Aṇguttara Nikāya


[Home]  [Sutta Indexes]  [Glossology]  [Site Sub-Sections]


 

Aṇguttara Nikāya
XI. Ekā-Dasaka Nipāta
II. Anussati Vagga

Sutta 17

Aṭṭhakanāgara Suttaṃ
aka
Dasama Sutta

To Dasama

Translated from the Pali by Thanissaro Bhikkhu.
Provenance, terms and conditons

 


 

[1][pts][olds] On one occasion Ven. Ānanda was staying near Vesali at Veluvagamaka.

Now on that occasion Dasama the householder from Atthakanagara had arrived at Pataliputta on some business.

Then he went to a certain monk at Kukkata Monastery and on arrival said to him, "Where is Ven. Ānanda staying now?

I'd like to see him."

"Householder, the Ven. Ānanda is staying near Vesali at Veluvagamaka."

Then Dasama the householder from Atthakanagara, on completing his business at Pataliputta, went to Ven. Ānanda at Veluvagamaka near Vesali.

On arrival, having bowed down to him, he sat to one side.

As he was sitting there, he said to Ven. Ānanda:

"Venerable sir, is there a single quality declared by the Blessed One — the one who knows, the one who sees, worthy and rightly self-awakened — where the unreleased mind of a monk who dwells there heedful, ardent, and resolute becomes released, or his unended effluents go to their total ending, or he attains the unexcelled security from the yoke that he had not attained before?"

"Yes, householder, there is..."

"And what is that one quality, venerable sir...?"

"There is the case, householder, where a monk, withdrawn from sensuality, withdrawn from unskillful qualities, enters and remains in the first jhāna: rapture and pleasure born from withdrawal, accompanied by directed thought and evaluation.

He reflects on this and discerns, 'This first jhāna is fabricated and intended.

Now whatever is fabricated and intended is inconstant and subject to cessation.'

Staying right there, he reaches the ending of the mental effluents.

Or, if not, then — through this very Dhamma-passion, this Dhamma-delight, and from the total wasting away of the first five Fetters[1] — he is due to be reborn [in the Pure Abodes], there to be totally unbound, never again to return from that world.

"This, householder, is a single quality declared by the Blessed One — the one who knows, the one who sees, worthy and rightly self-awakened — where the unreleased mind of a monk who dwells there heedful, ardent, and resolute becomes released, or his unended effluents go to their total ending, or he attains the unexcelled security from the yoke that he had not attained before.

[Similarly with the second, third, and fourth jhānas.]

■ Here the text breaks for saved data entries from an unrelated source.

Lemma nGreen_le_index (k j : nat) : (1 <= j <= n)%nat -> (k <= n)%nat -> nGreen k j <= INR k.
Proof.
  intros Hj. induction k as [|k IH]; intros Hk; [rewrite nGreen_0; simpl; lra|].
  pose proof (increment_bound (S k) j Hj ltac:(lia)) as Hinc.
  replace (S k - 1)%nat with k in Hinc by lia.
  pose proof (Rle_abs (nGreen (S k) j - nGreen k j)). rewrite S_INR. specialize (IH ltac:(lia)). lra.
Qed.

End DiscreteGreen.

Theorem proposition3p3 :
  (* (a) *)
  (forall (d : nat) (eta eta1 eta2 : nat -> R -> R) (G : R -> R -> R),
     (forall c s, (c < d)%nat -> derivable_pt_lim (eta c) s (eta1 c s)) ->
     (forall c s, (c < d)%nat -> derivable_pt_lim (eta1 c) s (eta2 c s)) ->
     (forall c, (c < d)%nat -> smooth (eta2 c)) ->
     let q := fun s => (normR d (fun c => eta2 c s)) ^ 2 in
     is_Green q G ->
     (forall x, 0 <= x <= 1 -> forall a a' b b',
        is_Green_section q x (fun s => G s x) a a' b b' ->
        forall s, 0 <= s <= 1 ->
          (s <= x -> Rabs (a' s) <= 1) /\ (x <= s -> Rabs (b' s) <= 1)) /\
     (forall s x, 0 < s <= 1 -> 0 <= x <= 1 -> G s x / s <= 1)) /\
  (* (b) *)
  (forall (d n : nat) (eta : nat -> nat -> R),
     (forall c, (c < d)%nat -> eta (S n) c = 0) ->
     (forall k, (1 <= k <= n)%nat -> normR d (gradp n eta k) = 1) ->
     (forall k, (1 <= k <= n - 1)%nat -> 0 <= alphaD d n eta k) ->
     forall j k, (1 <= j <= n)%nat -> (1 <= k <= n)%nat ->
       Rabs (INR n * (GD n (alphaD d n eta) k j - GD n (alphaD d n eta) (k - 1) j)) <= 1 /\
       INR n * GD n (alphaD d n eta) k j / INR k <= 1).
Proof.
  split.
  - intros d eta eta1 eta2 G _ _ _ q. apply green_bounds.
    intros s. apply pow2_ge_0.
  - intros d n eta _ Hunit Hpos j k Hj Hk.
    set (alpha := alphaD d n eta).
    assert (Halpha : forall m, (1 <= m <= n - 1)%nat -> 0 <= alpha m <= 1).
    { intros m Hm. split; [apply Hpos; exact Hm|].
      apply dot_le_1_of_unit; apply Hunit; lia. }
    rewrite Rmult_minus_distr_l, !nGreen_GD by lia. split.
    + exact (increment_bound n alpha Halpha k j Hj Hk).
    + pose proof (nGreen_le_index n alpha Halpha k j Hj ltac:(lia)).
      assert (0 < INR k) by (apply lt_0_INR; lia).
      apply Rmult_le_reg_r with (INR k); [lra|]. field_simplify; lra.
Qed.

"Then again, a monk keeps pervading the first direction [the east] with an awareness imbued with good will, likewise the second, likewise the third, likewise the fourth.

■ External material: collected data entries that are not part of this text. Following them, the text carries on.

Lemma num_initial_rev G : num_initial (rev_graph G) = num_terminal G.
Proof.
rewrite /num_initial -(card_preimset _ (@rev_ord_inj n)); apply: eq_card => v.
by rewrite !inE is_initial_rev rev_ordK.
Qed.

Lemma num_terminal_rev G : num_terminal (rev_graph G) = num_initial G.
Proof.
rewrite /num_terminal -(card_preimset _ (@rev_ord_inj n)); apply: eq_card => v.
by rewrite !inE is_terminal_rev rev_ordK.
Qed.

Lemma candidate_edge_rev e : candidate_edge (rev_edge e) = candidate_edge e.
Proof.
by case: e => a b; rewrite /candidate_edge /=; have := ltn_ord a; have := ltn_ord b; lia.
Qed.

Variables x y : nat.

Lemma addable_rev G e : addable y x (rev_graph G) (rev_edge e) = addable x y G e.
Proof.
rewrite /addable candidate_edge_rev inE rev_edgeK -rev_graphU.
by rewrite num_initial_rev num_terminal_rev [((y <= _)%N && _)]andbC.
Qed.

Lemma addable_edges_rev G :
  addable_edges y x (rev_graph G) = rev_edge @^-1: addable_edges x y G.
Proof. by apply/setP => e; rewrite !inE -addable_rev rev_edgeK. Qed.

Lemma admissible_rev G : admissible y x (rev_graph G) = admissible x y G.
Proof. by rewrite /admissible num_initial_rev num_terminal_rev andbC. Qed.

End Reversal.

Section HeadPotential.
Variables x y m : nat.
Local Notation n := m.+1.
Implicit Types (G : graph n) (e : 'I_n * 'I_n).

Definition head_potential G : rat :=
  if is_terminal G ord0 && (x < num_initial G)%N
  then y%:R / (num_terminal G)%:R else 0.

Lemma head_potential_ge0 G : 0 <= head_potential G.
Proof. by rewrite /head_potential; case: ifP; rewrite // divr_ge0. Qed.

Lemma head_potential_le G : head_potential G <= y%:R / (num_terminal G)%:R.
Proof. by rewrite /head_potential; case: ifP; rewrite // divr_ge0. Qed.

Lemma head_edge_addable G (b : 'I_n) :
  (0 < b)%N -> (ord0, b) \notin G -> (x < num_initial G)%N ->
  addable x y G (ord0, b) = (y + is_terminal G ord0 <= num_terminal G)%N.
Proof.
move=> b_gt0 bG xI; rewrite addableE /candidate_edge /= b_gt0 bG /=.
suff -> : (x + is_initial G b <= num_initial G)%N by [].
by case: (is_initial G b) => /=; lia.
Qed.

Lemma head_potential_stuck G : (0 < x)%N -> (0 < y)%N ->
  admissible x y G -> addable_edges x y G = set0 -> (x < num_initial G)%N ->
  head_potential G = 1.
Proof.
move=> x_gt0 y_gt0 /andP[_ yT] stuck xI.
have [v vI v0] : exists2 v, is_initial G v & v != ord0.
  have := cardsD1 ord0 [set v | is_initial G v]; rewrite -/(num_initial G) => cardI.
  have /set0Pn[v] : [set v | is_initial G v] :\ ord0 != set0.
    by rewrite -card_gt0; move: cardI; case: (_ \in _) => /=; lia.
  by rewrite !inE => /andP[v0 vI]; exists v.
have : addable x y G (ord0, v) = false.
  by rewrite -[LHS]inE -/(addable_edges _ _ _) stuck inE.
rewrite head_edge_addable ?lt0n ?initial_notin // => /negbT; rewrite -ltnNge => T_lt.
have t0 : is_terminal G ord0 by move: T_lt; case: (is_terminal G ord0) => /=; lia.
have T_eq : num_terminal G = y by move: T_lt; rewrite t0 /=; lia.
by rewrite /head_potential t0 xI T_eq divff // pnatr_eq0 -lt0n.
Qed.

Lemma head_potential_addU G e :
  head_potential (e |: G) <= y%:R / (num_terminal G)%:R
    + ((e.1 != ord0) && is_terminal G e.1)%:R
        * (y%:R / (num_terminal G).-1%:R - y%:R / (num_terminal G)%:R)
    - (e.1 == ord0)%:R * (y%:R / (num_terminal G)%:R).
Proof.
case: (eqVneq e.1 ord0) => [e0 | e_neq0] /=.
  by rewrite /head_potential is_terminalU e0 eqxx /= mul0r mul1r addr0 subrr.
rewrite mul0r subr0; apply: le_trans (head_potential_le _) _.
have := num_terminalU e G; case: (is_terminal G e.1) => /= [T_eq | ->].
  by rewrite T_eq add1n /= mul1r addrC subrK.
by rewrite mul0r addr0.
Qed.

Section Step.
Variable G : graph n.
Hypotheses (t0 : is_terminal G ord0) (xI : (x < num_initial G)%N).
Let A := addable_edges x y G.
Let P := [set e in A | e.1 == ord0].
Let Q := [set e in A | (e.1 != ord0) && is_terminal G e.1].

Lemma card_head_edges_le :
  (#|Q| <= (num_terminal G).-1 * #|P|)%N.
Proof.
have [T_le | yT] := leqP (num_terminal G) y.
  suff -> : Q = set0 by rewrite cards0.
  apply/setP => e; rewrite !inE addableE; apply/negbTE.
  apply/negP => /andP[/and4P[_ _ _ T_ge] /andP[_ te]].
  by move: T_ge; rewrite te /=; lia.
have P_ge : (m <= #|P|)%N.
  have card_heads : #|[set (ord0 : 'I_n, lift ord0 b) | b in [set: 'I_m]]| = m.
    by rewrite card_imset ?cardsT ?card_ord // => b c [bc]; apply/val_inj.
  rewrite -[X in (X <= _)%N]card_heads; apply: subset_leq_card.
  apply/subsetP => _ /imsetP[b _ ->]; rewrite !inE /= eqxx andbT.
  rewrite head_edge_addable ?terminal_notin // ?t0 ?addn1 //.
have Q_le : (#|Q| <= (num_terminal G).-1 * m)%N.
  have card_tails : #|setX ([set v | is_terminal G v] :\ ord0) [set~ (ord0 : 'I_n)]|
      = ((num_terminal G).-1 * m)%N.
    rewrite cardsX cardsC1 card_ord /num_terminal.
    by rewrite (cardsD1 ord0 [set v | is_terminal G v]) inE t0.
  rewrite -card_tails; apply: subset_leq_card; apply/subsetP => -[a b].
  rewrite !inE /= => /andP[/and4P[ab _ _ _] /andP[a0 ->]]; rewrite a0 /=.
  by apply: contraTneq ab => ->.
exact: leq_trans Q_le (leq_mul (leqnn _) P_ge).
Qed.

End Step.

Lemma head_potential_super G :
  \sum_(e in addable_edges x y G) head_potential (e |: G)
    <= #|addable_edges x y G|%:R * head_potential G.
Proof.
rewrite {2}/head_potential; case: ifP => [/andP[t0 xI] | dormant]; last first.
  rewrite mulr0 big1 // => e _; rewrite /head_potential ifF //.
  apply: contraFF dormant; rewrite is_terminalU => /andP[/andP[_ ->] xI] /=.
  by rewrite (num_initialU e G) (leq_trans xI) ?leq_addl.
have T_gt0 : (0 < num_terminal G)%N by apply/card_gt0P; exists ord0; rewrite inE.
apply: le_trans (ler_sum _ (fun e _ => head_potential_addU G e)) _.
rewrite sumrB big_split /= sumr_const -!mulr_suml !sumr_nat_of_bool.
rewrite -[_ *+ #|_|]mulr_natl -addrA gerDl subr_le0.
move: (num_terminal G) T_gt0 (card_head_edges_le t0 xI) => [|s] // _.
exact: ler_mul_div_gap.
Qed.

End HeadPotential.

Section Potential.
Variables x y m : nat.
Hypotheses (x_gt0 : (0 < x)%N) (y_gt0 : (0 < y)%N).
Local Notation n := m.+1.
Implicit Types G : graph n.

Definition potential G : rat :=
  head_potential x y G + head_potential y x (rev_graph G).

Lemma potential_ge0 G : 0 <= potential G.
Proof. by rewrite addr_ge0 ?head_potential_ge0. Qed.

Lemma potential_stuck G : admissible x y G -> addable_edges x y G = set0 ->
  ~~ is_TDG x y G -> 1 <= potential G.
Proof.
move=> adm stuck nTDG; have [xI | Ix] := ltnP x (num_initial G).
  by rewrite /potential head_potential_stuck // lerDl head_potential_ge0.
have yT : (y < num_terminal G)%N.
  case/andP: adm nTDG => xI yT.
  by rewrite /is_TDG eqn_leq Ix xI /= ltn_neqAle yT andbT eq_sym.
rewrite /potential [head_potential y x _]head_potential_stuck //.
- by rewrite lerDr head_potential_ge0.
- by rewrite admissible_rev.
- by rewrite addable_edges_rev stuck preimset0.
- by rewrite num_initial_rev.
Qed.

Lemma potential_super G :
  \sum_(e in addable_edges x y G) potential (e |: G)
    <= #|addable_edges x y G|%:R * potential G.
Proof.
rewrite big_split mulrDr lerD ?head_potential_super //.
have -> : \sum_(e in addable_edges x y G) head_potential y x (rev_graph (e |: G))
    = \sum_(e in addable_edges y x (rev_graph G)) head_potential y x (e |: rev_graph G).
  rewrite [RHS](reindex_inj (@rev_edge_inj n)); apply: eq_big => [e | e _].
    by rewrite addable_edges_rev !inE rev_edgeK.
  by rewrite rev_graphU.
rewrite -(card_preimset _ (@rev_edge_inj n)) -addable_edges_rev.
exact: head_potential_super.
Qed.

Lemma potential0 : potential set0 <= (x + y)%:R / n%:R.
Proof.
rewrite /potential rev_graph0 natrD mulrDl addrC.
apply: lerD; apply: le_trans (head_potential_le _ _ _) _.
  by rewrite num_terminal0.
by rewrite num_terminal0.
Qed.

Lemma a_xyn_ge : (x <= n)%N -> (y <= n)%N -> 1 - (x + y)%:R / n%:R <= a_xyn x y n.
Proof.
move=> xn yn; apply: le_trans (success_prob_ge_potential potential_ge0 potential_stuck
  potential_super _ _); first by rewrite lerB ?potential0.
- by rewrite /admissible num_initial0 num_terminal0 xn yn.
- by rewrite cards0 addn0.
Qed.

End Potential.

Theorem mainTheorem18 (x y : nat) (hx : (1 <= x)%N) (hy : (1 <= y)%N) :
  forall eps : rat, 0 < eps ->
  exists N : nat, forall n : nat, (N <= n)%N -> `|1 - a_xyn x y n| < eps.
Proof.
move=> eps eps_gt0.
pose K := Num.Def.archi_bound ((x + y)%:R / eps).
have K_gt : (x + y)%:R / eps < K%:R.
  by apply: archi_boundP; rewrite divr_ge0 ?ler0n // ltW.
exists (K + x + y).+1 => -[|m] // N_le.
have a_ge := a_xyn_ge hx hy (_ : x <= m.+1)%N (_ : y <= m.+1)%N.
rewrite ger0_norm ?subr_ge0 ?success_prob_le1 //.
apply: le_lt_trans (_ : (x + y)%:R / m.+1%:R < eps).
  by rewrite lerBlDr -lerBlDl a_ge //; lia.
rewrite ltr_pdivrMr // in K_gt; rewrite ltr_pdivrMr ?ltr0n //.
by apply: lt_le_trans K_gt _; rewrite mulrC ler_pM2l // ler_nat; lia.
Qed.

Thus above, below, and all around, everywhere, in its entirety, he keeps pervading the all-encompassing cosmos with an awareness imbued with good will — abundant, expansive, immeasurable, without hostility, without ill will.

He reflects on this and discerns, 'This release of awareness through good will is fabricated and intended.

Now whatever is fabricated and intended is inconstant and subject to cessation.'

Staying right there, he reaches the ending of the mental effluents.

Or, if not, then — through this very Dhamma-passion, this Dhamma-delight, and from the total wasting away of the first five Fetters — he is due to be reborn [in the Pure Abodes], there to be totally unbound, never again to return from that world.

"This too, householder, is a single quality declared by the Blessed One — the one who knows, the one who sees, worthy and rightly self-awakened — where the unreleased mind of a monk who dwells there heedful, ardent, and resolute becomes released, or his unended effluents go to their total ending, or he attains the unexcelled security from the yoke that he had not attained before.

[Similarly with release of awareness through compassion, through appreciation, and through equanimity.]

"Then again, a monk — with the complete transcending of perceptions of [physical] form, with the disappearance of perceptions of resistance, and not heeding perceptions of diversity, thinking, 'Infinite space' — enters and remains in the dimension of the infinitude of space.

He reflects on this and discerns, 'This attainment of the infinitude of space is fabricated and intended. Now whatever is fabricated and intended is inconstant and subject to cessation.'

Staying right there, he reaches the ending of the mental effluents.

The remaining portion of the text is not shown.